[Items listed in a dataset]
++++++

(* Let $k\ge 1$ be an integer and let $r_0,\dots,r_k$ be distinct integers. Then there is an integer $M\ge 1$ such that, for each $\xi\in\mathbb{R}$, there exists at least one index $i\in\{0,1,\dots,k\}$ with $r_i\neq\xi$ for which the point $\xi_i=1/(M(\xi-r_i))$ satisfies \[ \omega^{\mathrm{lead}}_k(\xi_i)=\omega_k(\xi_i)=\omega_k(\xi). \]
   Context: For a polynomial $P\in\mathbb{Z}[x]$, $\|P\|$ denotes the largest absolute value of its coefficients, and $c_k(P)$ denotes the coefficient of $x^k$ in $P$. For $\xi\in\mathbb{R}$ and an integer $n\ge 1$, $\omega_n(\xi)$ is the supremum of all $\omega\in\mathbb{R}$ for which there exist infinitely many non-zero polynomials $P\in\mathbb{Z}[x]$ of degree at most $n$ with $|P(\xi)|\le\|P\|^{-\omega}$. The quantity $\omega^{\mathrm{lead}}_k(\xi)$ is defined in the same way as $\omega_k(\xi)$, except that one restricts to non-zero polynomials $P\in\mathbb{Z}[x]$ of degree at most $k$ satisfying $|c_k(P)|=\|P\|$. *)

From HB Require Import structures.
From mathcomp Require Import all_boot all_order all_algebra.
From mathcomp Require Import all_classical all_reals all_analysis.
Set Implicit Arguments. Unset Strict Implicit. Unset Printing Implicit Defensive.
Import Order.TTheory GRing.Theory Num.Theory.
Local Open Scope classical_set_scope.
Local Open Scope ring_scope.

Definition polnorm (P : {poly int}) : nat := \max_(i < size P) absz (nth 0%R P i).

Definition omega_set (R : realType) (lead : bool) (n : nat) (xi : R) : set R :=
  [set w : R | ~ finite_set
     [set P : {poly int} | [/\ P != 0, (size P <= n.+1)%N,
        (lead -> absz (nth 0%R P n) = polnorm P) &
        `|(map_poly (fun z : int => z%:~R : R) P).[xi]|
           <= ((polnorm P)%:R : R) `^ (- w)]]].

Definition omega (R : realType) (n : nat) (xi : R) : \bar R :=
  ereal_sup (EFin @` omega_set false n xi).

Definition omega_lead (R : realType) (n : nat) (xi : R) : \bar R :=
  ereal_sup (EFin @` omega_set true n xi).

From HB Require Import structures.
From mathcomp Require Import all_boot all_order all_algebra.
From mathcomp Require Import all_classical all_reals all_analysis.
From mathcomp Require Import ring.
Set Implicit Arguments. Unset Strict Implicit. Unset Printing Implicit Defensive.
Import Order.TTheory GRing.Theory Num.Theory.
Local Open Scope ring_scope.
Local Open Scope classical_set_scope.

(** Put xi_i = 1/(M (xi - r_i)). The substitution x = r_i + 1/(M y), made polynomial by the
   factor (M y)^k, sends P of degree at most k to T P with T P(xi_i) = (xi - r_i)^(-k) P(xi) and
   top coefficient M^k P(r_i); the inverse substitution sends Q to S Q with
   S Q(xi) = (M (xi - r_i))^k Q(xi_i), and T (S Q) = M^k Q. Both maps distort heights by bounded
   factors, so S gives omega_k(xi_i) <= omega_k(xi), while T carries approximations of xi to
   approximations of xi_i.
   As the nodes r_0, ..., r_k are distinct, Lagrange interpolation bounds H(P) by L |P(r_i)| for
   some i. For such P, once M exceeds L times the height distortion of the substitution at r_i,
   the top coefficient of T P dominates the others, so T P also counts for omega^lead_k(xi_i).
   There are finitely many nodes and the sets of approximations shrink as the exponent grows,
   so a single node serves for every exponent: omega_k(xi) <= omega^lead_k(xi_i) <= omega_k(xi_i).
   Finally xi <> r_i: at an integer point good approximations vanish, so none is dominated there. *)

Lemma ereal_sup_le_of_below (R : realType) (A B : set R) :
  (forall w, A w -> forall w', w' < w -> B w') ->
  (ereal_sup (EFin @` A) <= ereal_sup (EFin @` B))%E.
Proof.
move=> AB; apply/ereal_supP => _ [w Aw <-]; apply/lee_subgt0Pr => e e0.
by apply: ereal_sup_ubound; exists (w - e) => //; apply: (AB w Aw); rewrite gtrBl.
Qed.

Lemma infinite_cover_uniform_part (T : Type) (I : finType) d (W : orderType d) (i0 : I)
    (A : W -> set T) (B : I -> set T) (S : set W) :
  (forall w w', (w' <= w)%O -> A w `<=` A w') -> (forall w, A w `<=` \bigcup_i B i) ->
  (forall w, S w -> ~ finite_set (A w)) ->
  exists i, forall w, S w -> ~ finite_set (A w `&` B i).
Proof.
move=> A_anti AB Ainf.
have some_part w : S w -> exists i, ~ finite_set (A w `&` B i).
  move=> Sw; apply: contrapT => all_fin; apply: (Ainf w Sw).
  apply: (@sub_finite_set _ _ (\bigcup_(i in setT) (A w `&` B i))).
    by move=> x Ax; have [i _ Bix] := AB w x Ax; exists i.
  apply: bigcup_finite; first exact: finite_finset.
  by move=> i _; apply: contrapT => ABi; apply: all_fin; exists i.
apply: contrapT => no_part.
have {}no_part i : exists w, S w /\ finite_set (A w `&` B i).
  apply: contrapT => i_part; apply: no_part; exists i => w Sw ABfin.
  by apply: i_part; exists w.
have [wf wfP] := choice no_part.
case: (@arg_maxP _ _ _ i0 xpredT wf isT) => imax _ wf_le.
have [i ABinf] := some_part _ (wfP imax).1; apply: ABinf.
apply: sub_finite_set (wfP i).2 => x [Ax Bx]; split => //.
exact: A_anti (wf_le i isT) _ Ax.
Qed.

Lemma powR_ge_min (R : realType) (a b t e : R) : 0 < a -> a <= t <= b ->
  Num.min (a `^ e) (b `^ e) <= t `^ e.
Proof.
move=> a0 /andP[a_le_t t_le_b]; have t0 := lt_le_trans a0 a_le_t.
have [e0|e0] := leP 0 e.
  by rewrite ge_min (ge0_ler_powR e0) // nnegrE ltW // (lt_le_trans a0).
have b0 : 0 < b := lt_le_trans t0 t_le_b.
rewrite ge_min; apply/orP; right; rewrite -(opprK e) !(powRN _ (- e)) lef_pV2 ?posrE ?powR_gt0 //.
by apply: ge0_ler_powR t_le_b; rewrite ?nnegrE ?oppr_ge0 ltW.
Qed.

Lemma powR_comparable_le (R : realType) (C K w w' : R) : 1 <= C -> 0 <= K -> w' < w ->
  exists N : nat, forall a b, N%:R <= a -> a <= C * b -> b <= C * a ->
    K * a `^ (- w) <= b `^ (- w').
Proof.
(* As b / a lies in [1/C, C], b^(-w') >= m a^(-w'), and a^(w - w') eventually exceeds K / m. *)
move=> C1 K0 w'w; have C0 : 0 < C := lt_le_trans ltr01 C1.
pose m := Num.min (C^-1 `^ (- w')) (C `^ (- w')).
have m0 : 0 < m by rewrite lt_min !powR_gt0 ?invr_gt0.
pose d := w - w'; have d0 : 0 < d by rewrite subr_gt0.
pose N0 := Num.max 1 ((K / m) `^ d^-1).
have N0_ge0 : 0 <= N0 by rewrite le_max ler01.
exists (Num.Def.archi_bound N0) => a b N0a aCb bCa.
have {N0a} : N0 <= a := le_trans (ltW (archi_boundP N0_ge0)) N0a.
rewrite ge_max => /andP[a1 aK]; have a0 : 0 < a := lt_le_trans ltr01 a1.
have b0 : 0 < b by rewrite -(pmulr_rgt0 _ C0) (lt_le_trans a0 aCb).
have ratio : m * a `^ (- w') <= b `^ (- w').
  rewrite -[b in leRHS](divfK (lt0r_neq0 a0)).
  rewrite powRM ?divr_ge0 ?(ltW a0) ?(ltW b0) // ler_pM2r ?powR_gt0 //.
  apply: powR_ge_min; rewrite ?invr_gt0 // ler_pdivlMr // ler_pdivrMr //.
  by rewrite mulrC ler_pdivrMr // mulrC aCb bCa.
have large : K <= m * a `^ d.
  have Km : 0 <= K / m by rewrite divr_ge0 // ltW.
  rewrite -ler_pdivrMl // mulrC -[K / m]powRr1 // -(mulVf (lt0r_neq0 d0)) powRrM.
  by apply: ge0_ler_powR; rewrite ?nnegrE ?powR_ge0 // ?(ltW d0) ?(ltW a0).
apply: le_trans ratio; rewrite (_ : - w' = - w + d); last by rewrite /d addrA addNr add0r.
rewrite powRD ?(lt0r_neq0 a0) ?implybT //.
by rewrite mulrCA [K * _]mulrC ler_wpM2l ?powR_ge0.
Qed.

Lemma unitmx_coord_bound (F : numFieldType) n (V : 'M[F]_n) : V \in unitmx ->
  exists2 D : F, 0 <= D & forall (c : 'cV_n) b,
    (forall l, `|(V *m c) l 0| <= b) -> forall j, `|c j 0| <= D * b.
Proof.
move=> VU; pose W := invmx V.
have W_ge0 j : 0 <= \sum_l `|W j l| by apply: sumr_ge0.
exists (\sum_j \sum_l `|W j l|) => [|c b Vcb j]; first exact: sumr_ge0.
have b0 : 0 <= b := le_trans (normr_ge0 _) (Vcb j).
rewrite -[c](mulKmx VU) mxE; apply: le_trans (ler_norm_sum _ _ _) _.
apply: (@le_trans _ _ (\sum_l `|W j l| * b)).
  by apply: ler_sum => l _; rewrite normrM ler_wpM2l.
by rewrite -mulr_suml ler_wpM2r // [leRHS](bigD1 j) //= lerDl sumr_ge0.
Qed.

++++++

Aim of the exercise: Please copy the lines above from the line with "pose N0 := Num.max" up to and including the line with "rewrite -[b in", exactly as written and with nothing else.

Solved problem:
pose N0 := Num.max 1 ((K / m) `^ d^-1).
have N0_ge0 : 0 <= N0 by rewrite le_max ler01.
exists (Num.Def.archi_bound N0) => a b N0a aCb bCa.
have {N0a} : N0 <= a := le_trans (ltW (archi_boundP N0_ge0)) N0a.
rewrite ge_max => /andP[a1 aK]; have a0 : 0 < a := lt_le_trans ltr01 a1.
have b0 : 0 < b by rewrite -(pmulr_rgt0 _ C0) (lt_le_trans a0 aCb).
have ratio : m * a `^ (- w') <= b `^ (- w').
  rewrite -[b in leRHS](divfK (lt0r_neq0 a0)).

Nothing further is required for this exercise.